--- START ---
(* Let $\mathcal{M}\subseteq\mathbb{F}_{q^n}^{2\times2}$ be a matrix field isomorphic to $\mathbb{F}_{q^t}$, where $1\le t\le n$ and $t$ divides $n$. If $\mathcal{M}$ contains a nonsingular matrix, then there exist $P\in\mathrm{GL}(2,q^n)$ and $\sigma\in\mathrm{Aut}(\mathbb{F}_{q^t})$ such that \[P\mathcal{M}P^{-1}=\left\{\begin{pmatrix}x&0\\0&x^\sigma\end{pmatrix}\colon x\in\mathbb{F}_{q^t}\right\}.\] In addition, if $\mathrm{diag}(x,x)\in\mathcal{M}$ for every $x\in\mathbb{F}_q$, then $\sigma\in\mathrm{Gal}(\mathbb{F}_{q^t}|\mathbb{F}_q)$.
   Context: $q$ is a prime power and $n\ge1$. A matrix field in $\mathbb{F}_{q^n}^{2\times2}$ is a subset which is a field with respect to the matrix addition and multiplication inherited from $\mathbb{F}_{q^n}^{2\times2}$ (its identity element need not be the identity matrix). *)

From HB Require Import structures.
From mathcomp Require Import all_boot all_order all_algebra.
Set Implicit Arguments. Unset Strict Implicit. Unset Printing Implicit Defensive.
Import GRing.Theory.
Local Open Scope ring_scope.

Definition prime_power (q : nat) : Prop :=
  exists p k : nat, prime p /\ (0 < k)%N /\ q = (p ^ k)%N.

(* The subfield F_{q^t} of a finite field L (containing it): {x | x^(q^t) = x}. *)
Definition subGF (L : finFieldType) (q t : nat) : {set L} :=
  [set x : L | x ^+ (q ^ t) == x].

(* A matrix field: a subset of 2x2 matrices that is a field for the inherited
   matrix addition and multiplication (identity need not be the identity matrix).
   The additive identity of an additive subgroup is necessarily the zero matrix. *)
Definition matrix_field (L : finFieldType) (S : {set 'M[L]_2}) : Prop :=
  [/\ [/\ 0 \in S,
      {in S & S, forall A B, A + B \in S} &
      {in S, forall A, - A \in S}],
      {in S & S, forall A B, A * B \in S},
      {in S & S, forall A B, A * B = B * A} &
      (exists e, [/\ e \in S, e != 0,
        (forall A, A \in S -> e * A = A /\ A * e = A) &
        (forall A, A \in S -> A != 0 -> exists2 B, B \in S & A * B = e)])].

Definition field_iso_onto (L : finFieldType) (K : {set L}) (S : {set 'M[L]_2}) : Prop :=
  exists f : L -> 'M[L]_2,
    [/\ {in K & K, forall x y, f (x + y) = f x + f y},
        {in K & K, forall x y, f (x * y) = f x * f y},
        {in K & K, injective f} &
        f @: K = S].

Definition field_aut_on (L : finFieldType) (K : {set L}) (sigma : L -> L) : Prop :=
  [/\ [/\ {in K, forall x, sigma x \in K},
      {in K & K, injective sigma} &
      K \subset sigma @: K],
      {in K & K, forall x y, sigma (x + y) = sigma x + sigma y} &
      {in K & K, forall x y, sigma (x * y) = sigma x * sigma y}].

Definition diag2 (L : finFieldType) (x y : L) : 'M[L]_2 :=
  \matrix_(i < 2, j < 2) (if i == j then (if (i : nat) == 0%N then x else y) else 0).

(* Every element A of the matrix field satisfies A^(q^n) = A, and the field is
   commutative, so it is simultaneously diagonalisable: after a conjugation its
   elements are diag(g1 x, g2 x) for x in F_{q^t}.  A nonsingular element forces
   the identity of the matrix field to be the identity matrix, so g1 and g2 are
   unital ring embeddings of F_{q^t} into itself, hence automorphisms, and
   sigma = g2 o g1^-1.  Scalar matrices are unchanged by conjugation, so sigma
   fixes every x in F_q whose scalar matrix lies in the field. *)

From HB Require Import structures.
From mathcomp Require Import all_boot all_order all_algebra all_field.
Set Implicit Arguments.
Unset Strict Implicit.
Unset Printing Implicit Defensive.
Import GRing.Theory.
Local Open Scope ring_scope.

Definition ring_morph_on (L : finFieldType) (R : pzRingType) (K : {set L})
    (h : L -> R) : Prop :=
  [/\ {in K & K, forall x y, h (x + y) = h x + h y},
      {in K & K, forall x y, h (x * y) = h x * h y} & h 1 = 1].

Lemma prime_power_pchar_nat (L : finFieldType) (q n : nat) :
  prime_power q -> #|L| = (q ^ n)%N -> [pchar L].-nat q.
Proof.
move=> [p [k [p_pr [k_gt0 ->]]]] cardL.
have pL : p \in [pchar L].
  by apply: (@card_finPcharP _ p (k * n)); rewrite // cardL expnM.
by rewrite (eq_pnat _ (pcharf_eq pL)) pnatX pnat_id.
Qed.

Section SubGF.
Variables (L : finFieldType) (q t : nat).
Hypothesis pcharQ : [pchar L].-nat (q ^ t)%N.
Local Notation K := (subGF L q t).

Lemma in_subGF x : (x \in K) = (x ^+ (q ^ t) == x).
Proof. by rewrite inE. Qed.

Lemma subGF1 : 1 \in K. Proof. by rewrite in_subGF expr1n. Qed.

Lemma subGFD x y : x \in K -> y \in K -> x + y \in K.
Proof. by rewrite !in_subGF => /eqP xK /eqP yK; rewrite exprDn_pchar // xK yK. Qed.

Lemma subGFN x : x \in K -> - x \in K.
Proof. by rewrite !in_subGF => /eqP xK; rewrite exprNn_pchar // xK. Qed.

Lemma subGFM x y : x \in K -> y \in K -> x * y \in K.
Proof. by rewrite !in_subGF => /eqP xK /eqP yK; rewrite exprMn xK yK. Qed.

Lemma subGFV x : x \in K -> x^-1 \in K.
Proof. by rewrite !in_subGF => /eqP xK; rewrite exprVn xK. Qed.

Lemma subGFX x m : x \in K -> x ^+ m \in K.
Proof. by rewrite !in_subGF => /eqP xK; rewrite exprAC xK. Qed.

Lemma ring_morph_onX (R : pzRingType) (h : L -> R) :
  ring_morph_on K h -> {in K, forall x m, h (x ^+ m) = h x ^+ m}.
Proof.
case=> _ hM h1 x xK; elim=> [|m IHm]; first by rewrite !expr0.
by rewrite exprS hM ?subGFX // IHm -exprS.
Qed.

Lemma unit_ring_morph_on (R : unitRingType) (f : L -> R) :
  {in K & K, forall x y, f (x + y) = f x + f y} ->
  {in K & K, forall x y, f (x * y) = f x * f y} ->
  (exists2 a, a \in K & f a \is a GRing.unit) -> ring_morph_on K f.
Proof.
move=> fD fM [a aK fa_unit]; split=> //.
by apply: (mulIr fa_unit); rewrite -fM ?subGF1 // !mul1r.
Qed.

Section SelfMorphism.
Variable h : L -> L.
Hypothesis h_morph : ring_morph_on K h.

Lemma ring_morph_on_subGF : {in K, forall x, h x \in K}.
Proof.
move=> x xK; rewrite in_subGF -(ring_morph_onX h_morph xK).
by move: xK; rewrite in_subGF => /eqP ->.
Qed.

Lemma ring_morph_on_inj : {in K &, injective h}.
Proof.
case: h_morph => hD hM h1 x y xK yK hxy; apply/eqP; rewrite -subr_eq0.
have dK : x - y \in K by rewrite subGFD ?subGFN.
have hd0 : h (x - y) = 0.
  by apply: (addIr (h y)); rewrite -hD // subrK add0r.
apply/contraT => d_neq0; have := hM _ _ dK (subGFV dK).
by rewrite divff // h1 hd0 mul0r => /eqP; rewrite oner_eq0.
Qed.

Lemma ring_morph_on_onto : h @: K = K.
Proof.
apply/eqP; rewrite eqEcard card_in_imset ?leqnn ?andbT; last first.
  exact: ring_morph_on_inj.
by apply/subsetP => _ /imsetP [x xK ->]; apply: ring_morph_on_subGF.
Qed.

Lemma ring_morph_on_aut : field_aut_on K h.
Proof.
case: (h_morph) => hD hM _; split=> //; split.
- exact: ring_morph_on_subGF.
- exact: ring_morph_on_inj.
- by rewrite ring_morph_on_onto.
Qed.

Lemma ring_morph_on_inverse :
  exists h', [/\ ring_morph_on K h', {in K, cancel h h'} & {in K, cancel h' h}].
Proof.
pose h' y := odflt y [pick x in K | h x == y].
have h'K : {in K, forall y, h' y \in K /\ h (h' y) = y}.
  move=> y; rewrite -{1}ring_morph_on_onto => /imsetP [x0 x0K ->]; rewrite /h'.
  by case: pickP => [x /andP [xK /eqP]|/(_ x0)] //=; rewrite x0K eqxx.
have h'h : {in K, cancel h' h} by move=> y /h'K [].
have hh' : {in K, cancel h h'}.
  move=> x xK; have [h'hxK hh'hx] := h'K _ (ring_morph_on_subGF xK).
  exact: ring_morph_on_inj hh'hx.
case: h_morph => hD hM h1; exists h'; split=> //; split=> [y z yK zK|y z yK zK|].
- have [[h'yK _] [h'zK _]] := (h'K _ yK, h'K _ zK).
  by rewrite -{1}[y]h'h // -{1}[z]h'h // -hD // hh' // subGFD.
- have [[h'yK _] [h'zK _]] := (h'K _ yK, h'K _ zK).
  by rewrite -{1}[y]h'h // -{1}[z]h'h // -hM // hh' // subGFM.
- by rewrite -{1}h1 hh' // subGF1.
Qed.

End SelfMorphism.

Lemma ring_morph_on_comp (R : pzRingType) (h : L -> L) (g : L -> R) :
  ring_morph_on K h -> ring_morph_on K g -> ring_morph_on K (g \o h).
Proof.
move=> h_morph [gD gM g1]; have hK := ring_morph_on_subGF h_morph.
case: h_morph => hD hM h1; split=> [x y xK yK|x y xK yK|] /=.
- by rewrite hD // gD ?hK.
- by rewrite hM // gM ?hK.
- by rewrite h1 g1.
Qed.

End SubGF.

Lemma expcard_comm_codiag (F : finFieldType) n (S : {set 'M[F]_n.+1}) :
  {in S, forall A, A ^+ #|F| = A} -> {in S & S, forall A B, A * B = B * A} ->
  exists2 P : 'M[F]_n.+1, P \in unitmx &
    {in S, forall A, is_diag_mx (P *m A *m invmx P)}.
Proof.
move=> SX SC; have [] := (@codiagonalizableP _ _ (enum S)).1.
  split=> [A B|A]; rewrite ?mem_enum => AS.
    by move=> BS; rewrite /comm_mx !mulmxE SC.
  apply/diagonalizableP; exists (enum F); first exact: enum_uniq.
  apply: mxminpoly_min.
  rewrite big_enum /= -finField_genPoly rmorphB /= rmorphXn /= horner_mx_X.
  by rewrite SX // subrr.
move=> P P_unit /allP P_diag; exists P => // A AS.
have := P_diag A; rewrite mem_enum /= => /(_ AS).
by rewrite /similar_to conjumx.
Qed.

Lemma ring_morph_on_conj (L : finFieldType) (K : {set L}) n
    (f : L -> 'M[L]_n.+1) (P : 'M[L]_n.+1) :
  P \in unitmx -> ring_morph_on K f ->
  ring_morph_on K (fun x => P *m f x *m invmx P).
Proof.
move=> P_unit [fD fM f1]; split=> [x y xK yK|x y xK yK|] /=.
- by rewrite fD // mulmxDr mulmxDl.
- by rewrite fM // -!mulmxE !mulmxA (mulmxKV P_unit).
- by rewrite f1 mulmx1 mulmxV.
Qed.

Lemma ring_morph_on_diag_entry (L : finFieldType) (R : nzRingType)
    (K : {set L}) n (D : L -> 'M[R]_n.+1) (i : 'I_n.+1) :
  ring_morph_on K D -> {in K, forall x, is_diag_mx (D x)} ->
  ring_morph_on K (fun x => D x i i).
Proof.
move=> [DD DM D1] Ddiag; split=> [x y xK yK|x y xK yK|] /=.
- by rewrite DD // mxE.
- rewrite DM //; case/diag_mxP: (Ddiag y yK) => d ->.
  by rewrite -mulmxE mul_mx_diag !mxE eqxx.
- by rewrite D1 mxE eqxx.
Qed.

Section Diag2.
Variable L : finFieldType.

Lemma diag2_inj (a b c d : L) : diag2 a b = diag2 c d -> a = c /\ b = d.
Proof.
by move=> /matrixP e; split; [have := e 0 0 | have := e 1 1]; rewrite !mxE.
Qed.

Lemma diag2_scalar (a : L) : a%:M = diag2 a a.
Proof.
by apply/matrixP => i j; rewrite !mxE; case: i => [[|[|i]] ?]; case: j => [[|[|j]] ?].
Qed.

Lemma is_diag_mx_diag2 (M : 'M[L]_2) : is_diag_mx M -> M = diag2 (M 0 0) (M 1 1).
Proof.
move/is_diag_mxP => Mdiag; apply/matrixP => i j; rewrite mxE.
case: i => [[|[|i]] ?] //; case: j => [[|[|j]] ?] //=;
  first [by rewrite Mdiag | by congr (M _ _); apply: val_inj].
Qed.

Variables (q t : nat).
Hypothesis pcharQ : [pchar L].-nat (q ^ t)%N.
Local Notation K := (subGF L q t).

Lemma diag2_ring_morph_on (D : L -> 'M[L]_2) :
  ring_morph_on K D -> {in K, forall x, is_diag_mx (D x)} ->
  exists2 sigma, field_aut_on K sigma & D @: K = [set diag2 x (sigma x) | x in K].
Proof.
move=> D_morph Ddiag; pose g1 x := D x 0 0; pose g2 x := D x 1 1.
have g1_morph : ring_morph_on K g1 by apply: ring_morph_on_diag_entry.
have g2_morph : ring_morph_on K g2 by apply: ring_morph_on_diag_entry.
have [g1' [g1'_morph g1K g1'K]] := ring_morph_on_inverse pcharQ g1_morph.
exists (g2 \o g1').
  by apply/ring_morph_on_aut/ring_morph_on_comp.
rewrite -[in RHS](ring_morph_on_onto pcharQ g1_morph) -imset_comp.
apply: eq_in_imset => x xK /=.
by rewrite g1K // [LHS]is_diag_mx_diag2 ?Ddiag.
Qed.

End Diag2.

Theorem theorem3p13 (q n t : nat) (L : finFieldType) (S : {set 'M[L]_2}) :
  prime_power q -> (1 <= n)%N -> #|L| = (q ^ n)%N ->
  (1 <= t)%N -> (t <= n)%N -> (t %| n)%N ->
  matrix_field S ->
  field_iso_onto (subGF L q t) S ->
  (exists2 A, A \in S & A \in unitmx) ->
  exists P : 'M[L]_2, exists sigma : L -> L,
    [/\ P \in unitmx,
        field_aut_on (subGF L q t) sigma,
        [set P *m A *m invmx P | A in S] = [set diag2 x (sigma x) | x in subGF L q t] &
        ((forall x : L, x ^+ q = x -> x%:M \in S) ->
          forall x : L, x \in subGF L q t -> x ^+ q = x -> sigma x = x)].
Proof.
move=> q_pp _ cardL _ _ _ [_ _ SC _] [f [fD fM _ fS]] [A0 A0S A0_unit].
have pcharQ : [pchar L].-nat (q ^ t)%N.
  by rewrite pnatX (prime_power_pchar_nat q_pp cardL).
have f_morph : ring_morph_on (subGF L q t) f.
  apply: unit_ring_morph_on => //.
  by move: A0S A0_unit; rewrite -fS => /imsetP [a aK ->]; exists a.
have SX : {in S, forall A, A ^+ #|L| = A}.
  by rewrite -fS => _ /imsetP [x xK ->]; rewrite -(ring_morph_onX f_morph xK) expf_card.
have [P P_unit Pdiag] := expcard_comm_codiag SX SC.
have [|sigma sigma_aut DS] :=
  diag2_ring_morph_on pcharQ (ring_morph_on_conj P_unit f_morph).
  by move=> x xK; apply: Pdiag; rewrite -fS imset_f.
have PSP : [set P *m A *m invmx P | A in S] = [set diag2 x (sigma x) | x in subGF L q t].
  by rewrite -DS -fS -imset_comp.
exists P, sigma; split=> // Fq_in_S x _ xq.
have : P *m x%:M *m invmx P \in [set P *m A *m invmx P | A in S] by apply/imset_f/Fq_in_S.
rewrite PSP scalar_mxC -mulmxA mulmxV // mulmx1 diag2_scalar.
by case/imsetP => y _ /diag2_inj [<- /esym].
Qed.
--- END ---
**Task brief:**
In the entries above, find lines with "Prop" and copy each.

**Written response:**
Definition prime_power (q : nat) : Prop :=
Definition matrix_field (L : finFieldType) (S : {set 'M[L]_2}) : Prop :=
Definition field_iso_onto (L : finFieldType) (K : {set L}) (S : {set 'M[L]_2}) : Prop :=
Definition field_aut_on (L : finFieldType) (K : {set L}) (sigma : L -> L) : Prop :=
    (h : L -> R) : Prop :=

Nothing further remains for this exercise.